THE TASK:
Take the entries that follow and return exactly the lines from the one holding "destruct (side_min x rho (hside x rho)" through the one holding "as [m4 [Hm4 H4]].", both included. Nothing else is needed.

--

Lemma Rabs_snd_le_edist (p q : pt) : Rabs (snd p - snd q) <= edist p q.
Proof.
  unfold edist. rewrite <- sqrt_Rsqr_abs. apply sqrt_le_1_alt.
  unfold Rsqr. pose proof (pow2_ge_0 (fst p - fst q)). nra.
Qed.

Lemma edist_le_Rabs_add (p q : pt) :
  edist p q <= Rabs (fst p - fst q) + Rabs (snd p - snd q).
Proof.
  unfold edist. set (a := fst p - fst q). set (b := snd p - snd q).
  pose proof (Rabs_pos a); pose proof (Rabs_pos b).
  rewrite <- (sqrt_square (Rabs a + Rabs b)) by lra.
  apply sqrt_le_1_alt.
  rewrite <- (pow2_abs a), <- (pow2_abs b). nra.
Qed.

Definition maxdist (p q : pt) : R :=
  Rmax (Rabs (fst p - fst q)) (Rabs (snd p - snd q)).

Lemma maxdist_refl (p : pt) : maxdist p p = 0.
Proof. unfold maxdist. rewrite !Rminus_diag, Rabs_R0. apply Rmax_left; lra. Qed.

Lemma maxdist_lipschitz (x p q : pt) : Rabs (maxdist x p - maxdist x q) <= edist p q.
Proof.
  pose proof (Rabs_fst_le_edist p q); pose proof (Rabs_snd_le_edist p q).
  revert H H0; unfold maxdist.
  destruct x as [x1 x2], p as [p1 p2], q as [q1 q2]; simpl; intros.
  unfold Rmax in *; repeat destruct Rle_dec; unfold Rabs in *;
    repeat destruct Rcase_abs; lra.
Qed.

Lemma edist_le_2maxdist (p q : pt) : edist p q <= 2 * maxdist p q.
Proof.
  pose proof (edist_le_Rabs_add p q). unfold maxdist.
  pose proof (Rmax_l (Rabs (fst p - fst q)) (Rabs (snd p - snd q))).
  pose proof (Rmax_r (Rabs (fst p - fst q)) (Rabs (snd p - snd q))). lra.
Qed.

Definition vside (x : pt) (c s : R) : pt := (fst x + c, snd x + s).
Definition hside (x : pt) (c s : R) : pt := (fst x + s, snd x + c).

Lemma edist_vside (x : pt) (c s t : R) : edist (vside x c s) (vside x c t) <= Rabs (s - t).
Proof.
  eapply Rle_trans; [apply edist_le_Rabs_add|]; simpl.
  replace (fst x + c - (fst x + c)) with 0 by ring.
  replace (snd x + s - (snd x + t)) with (s - t) by ring.
  rewrite Rabs_R0; lra.
Qed.

Lemma edist_hside (x : pt) (c s t : R) : edist (hside x c s) (hside x c t) <= Rabs (s - t).
Proof.
  eapply Rle_trans; [apply edist_le_Rabs_add|]; simpl.
  replace (snd x + c - (snd x + c)) with 0 by ring.
  replace (fst x + s - (fst x + t)) with (s - t) by ring.
  rewrite Rabs_R0; lra.
Qed.

Lemma maxdist_vside (x : pt) (c s : R) : maxdist x (vside x c s) = Rmax (Rabs c) (Rabs s).
Proof.
  unfold maxdist, vside; simpl.
  replace (fst x - (fst x + c)) with (- c) by ring.
  replace (snd x - (snd x + s)) with (- s) by ring.
  now rewrite !Rabs_Ropp.
Qed.

Lemma maxdist_hside (x : pt) (c s : R) : maxdist x (hside x c s) = Rmax (Rabs s) (Rabs c).
Proof.
  unfold maxdist, hside; simpl.
  replace (fst x - (fst x + s)) with (- s) by ring.
  replace (snd x - (snd x + c)) with (- c) by ring.
  now rewrite !Rabs_Ropp.
Qed.

Lemma Rmax_Rabs_eq (rho c s : R) :
  Rabs c = rho -> -rho <= s <= rho -> Rmax (Rabs c) (Rabs s) = rho.
Proof. intros Hc Hs. rewrite Hc. apply Rmax_left. apply Rabs_le. lra. Qed.

Lemma maxdist_eq_sides (x z : pt) (rho : R) : maxdist x z = rho ->
  exists c s, (c = rho \/ c = - rho) /\ -rho <= s <= rho /\
    (z = vside x c s \/ z = hside x c s).
Proof.
  destruct z as [z1 z2]; unfold maxdist, vside, hside; simpl.
  unfold Rmax, Rabs; destruct Rle_dec; repeat destruct Rcase_abs; intros Hz.
  all: first
    [ exists (z1 - fst x), (z2 - snd x); split; [lra|]; split; [lra|];
      left; f_equal; ring
    | exists (z2 - snd x), (z1 - fst x); split; [lra|]; split; [lra|];
      right; f_equal; ring ].
Qed.

Definition clamp (a b t : R) : R := Rmax a (Rmin b t).

Lemma clamp_in (a b t : R) : a <= b -> a <= clamp a b t <= b.
Proof. intros. unfold clamp, Rmax, Rmin; repeat destruct Rle_dec; lra. Qed.

Lemma clamp_id (a b t : R) : a <= t <= b -> clamp a b t = t.
Proof. intros. unfold clamp, Rmax, Rmin; repeat destruct Rle_dec; lra. Qed.

Lemma clamp_lipschitz (a b t s : R) :
  a <= b -> Rabs (clamp a b t - clamp a b s) <= Rabs (t - s).
Proof.
  intros. unfold clamp, Rmax, Rmin; repeat destruct Rle_dec;
    unfold Rabs; repeat destruct Rcase_abs; lra.
Qed.

Lemma continuity_clamp (f : R -> R) (a b : R) : a <= b ->
  (forall t, a <= t <= b -> forall eps, 0 < eps -> exists delta, 0 < delta /\
     forall s, a <= s <= b -> Rabs (s - t) < delta -> Rabs (f s - f t) < eps) ->
  continuity (fun t => f (clamp a b t)).
Proof.
  intros Hab Hf t eps Heps.
  destruct (Hf (clamp a b t) (clamp_in a b t Hab) eps Heps) as [delta [Hdelta Hclose]].
  exists delta; split; [lra|].
  intros s [_ Hs]; simpl in *; unfold R_dist in *.
  apply Hclose; [now apply clamp_in|].
  eapply Rle_lt_trans; [apply clamp_lipschitz|]; assumption.
Qed.

Section BoundaryMinimum.

Variables (O : pt -> Prop) (d : pt -> pt -> R).
Hypothesis d_distance : is_distance O d.
Hypothesis d_cont : d_continuous O d.

Lemma side_min (x : pt) (rho : R) (p : R -> pt) :
  O x -> 0 < rho -> (forall q, maxdist x q <= rho -> O q) ->
  (forall s t, edist (p s) (p t) <= Rabs (s - t)) ->
  (forall s, -rho <= s <= rho -> maxdist x (p s) = rho) ->
  exists m, 0 < m /\ forall s, -rho <= s <= rho -> m <= d x (p s).
Proof.
  intros Ox Hrho Hsquare Hp Hside.
  assert (Op : forall s, -rho <= s <= rho -> O (p s))
    by (intros s Hs; apply Hsquare; rewrite Hside by exact Hs; lra).
  set (phi := fun s => d x (p (clamp (-rho) rho s))).
  assert (phi_cont : continuity phi).
  { apply (continuity_clamp (fun s => d x (p s))); [lra|].
    intros t Ht eps Heps.
    destruct (d_cont x (p t) Ox (Op t Ht) eps Heps) as [delta [Hdelta Hclose]].
    exists delta; split; [exact Hdelta|]. intros s Hs Hst.
    apply Hclose; auto; [rewrite edist_refl; exact Hdelta|].
    eapply Rle_lt_trans; [apply Hp|]. now rewrite Rabs_minus_sym. }
  destruct (continuity_ab_min phi (-rho) rho ltac:(lra) (fun c _ => phi_cont c))
    as [s0 [Hmin Hs0]].
  exists (phi s0); unfold phi in *; rewrite clamp_id in * by exact Hs0; split.
  - destruct d_distance as [Hpos [Hzero _]].
    destruct (Rle_lt_or_eq_dec _ _ (Hpos x (p s0) Ox (Op s0 Hs0))) as [|E]; auto.
    symmetry in E; apply (Hzero _ _ Ox (Op s0 Hs0)) in E.
    specialize (Hside s0 Hs0). rewrite <- E, maxdist_refl in Hside. lra.
  - intros s Hs. specialize (Hmin s Hs). now rewrite clamp_id in Hmin.
Qed.

Lemma square_boundary_min (x : pt) (rho : R) :
  O x -> 0 < rho -> (forall q, maxdist x q <= rho -> O q) ->
  exists m, 0 < m /\ forall z, maxdist x z = rho -> m <= d x z.
Proof.
  intros Ox Hrho Hsquare.
  assert (Hplus : Rabs rho = rho) by (apply Rabs_pos_eq; lra).
  assert (Hminus : Rabs (- rho) = rho) by (rewrite Rabs_Ropp; exact Hplus).
  destruct (side_min x rho (vside x rho) Ox Hrho Hsquare (edist_vside x rho))
    as [m1 [Hm1 H1]].
  { intros s Hs; rewrite maxdist_vside; now apply Rmax_Rabs_eq. }
  destruct (side_min x rho (vside x (- rho)) Ox Hrho Hsquare (edist_vside x (- rho)))
    as [m2 [Hm2 H2]].
  { intros s Hs; rewrite maxdist_vside; now apply Rmax_Rabs_eq. }
  destruct (side_min x rho (hside x rho) Ox Hrho Hsquare (edist_hside x rho))
    as [m3 [Hm3 H3]].
  { intros s Hs; rewrite maxdist_hside, Rmax_comm; now apply Rmax_Rabs_eq. }
  destruct (side_min x rho (hside x (- rho)) Ox Hrho Hsquare (edist_hside x (- rho)))
    as [m4 [Hm4 H4]].
  { intros s Hs; rewrite maxdist_hside, Rmax_comm; now apply Rmax_Rabs_eq. }
  exists (Rmin (Rmin m1 m2) (Rmin m3 m4)); split.
  { unfold Rmin; repeat destruct Rle_dec; lra. }
  intros z Hz.
  destruct (maxdist_eq_sides x z rho Hz) as [c [s [[-> | ->] [Hs [-> | ->]]]]].
  all: pose proof (Rmin_l (Rmin m1 m2) (Rmin m3 m4));
       pose proof (Rmin_r (Rmin m1 m2) (Rmin m3 m4));
       pose proof (Rmin_l m1 m2); pose proof (Rmin_r m1 m2);
       pose proof (Rmin_l m3 m4); pose proof (Rmin_r m3 m4).
  - specialize (H1 s Hs); lra.
  - specialize (H3 s Hs); lra.
  - specialize (H2 s Hs); lra.
  - specialize (H4 s Hs); lra.
Qed.

End BoundaryMinimum.

Definition split_at (t : R) (j : nat) : R :=
  match j with O => 0 | 1%nat => t | _ => 1 end.

Lemma partition_split_at_1 : Defs.partition (split_at 1) 1.
Proof. repeat split; intros j Hj; destruct j; simpl; [lra | lia]. Qed.

Lemma partition_split_at (t : R) : 0 < t < 1 -> Defs.partition (split_at t) 2.
Proof.
  intros Ht; repeat split; intros j Hj.
  destruct j as [|[|j]]; simpl; [lra | lra | lia].
Qed.

Section Paths.

Variables (n : nat) (O : pt -> Prop) (d : pt -> pt -> R).
Hypothesis d_distance : is_distance O d.

Lemma Cn_path_in (g : R -> pt) (a w : pt) :
  Cn_path n O g a w -> O a /\ O w.
Proof.
  intros [HO [_ [_ [_ [<- <-]]]]]; split; apply HO; lra.
Qed.

Lemma pw_path_in (a y : pt) (l : list (R -> pt)) :
  pw_path n O a y l -> O a /\ O y.
Proof.
  induction 1 as [g a y Hg | g l a z y Hg _ [_ Oy]]; [exact (Cn_path_in _ _ _ Hg)|].
  split; [exact (proj1 (Cn_path_in _ _ _ Hg)) | exact Oy].
Qed.

Lemma Cn_path_ends_dist_le (g : R -> pt) (a w : pt) (m : R) :
  Cn_path n O g a w -> length_le d g m -> d a w <= m.
Proof.
  intros [_ [_ [_ [_ [Hg0 Hg1]]]]] Hlen.
  pose proof (Hlen _ _ partition_split_at_1) as H; simpl in H.
  rewrite Hg0, Hg1 in H; lra.
Qed.

Lemma Cn_path_dist_le (g : R -> pt) (a w : pt) (m t : R) :
  Cn_path n O g a w -> length_le d g m -> 0 <= t <= 1 -> d a (g t) <= m.
Proof.
  intros Hg Hlen Ht.
  pose proof (Cn_path_ends_dist_le g a w m Hg Hlen) as Haw.
  destruct (Cn_path_in g a w Hg) as [Oa Ow].
  destruct Hg as [HO [_ [_ [_ [Hg0 Hg1]]]]].
  destruct d_distance as [Hpos [Hzero _]].
  destruct (Req_dec t 0) as [-> | Ht0]; [|destruct (Req_dec t 1) as [-> | Ht1]].
  - rewrite Hg0, (proj2 (Hzero a a Oa Oa) eq_refl). pose proof (Hpos a w Oa Ow); lra.
  - now rewrite Hg1.
  - pose proof (Hlen _ _ (partition_split_at t ltac:(lra))) as H; simpl in H.
    rewrite Hg0, Hg1 in H. pose proof (Hpos (g t) w (HO t Ht) Ow); lra.
Qed.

--

OUTPUT OF THE TASK:
  destruct (side_min x rho (hside x rho) Ox Hrho Hsquare (edist_hside x rho))
    as [m3 [Hm3 H3]].
  { intros s Hs; rewrite maxdist_hside, Rmax_comm; now apply Rmax_Rabs_eq. }
  destruct (side_min x rho (hside x (- rho)) Ox Hrho Hsquare (edist_hside x (- rho)))
    as [m4 [Hm4 H4]].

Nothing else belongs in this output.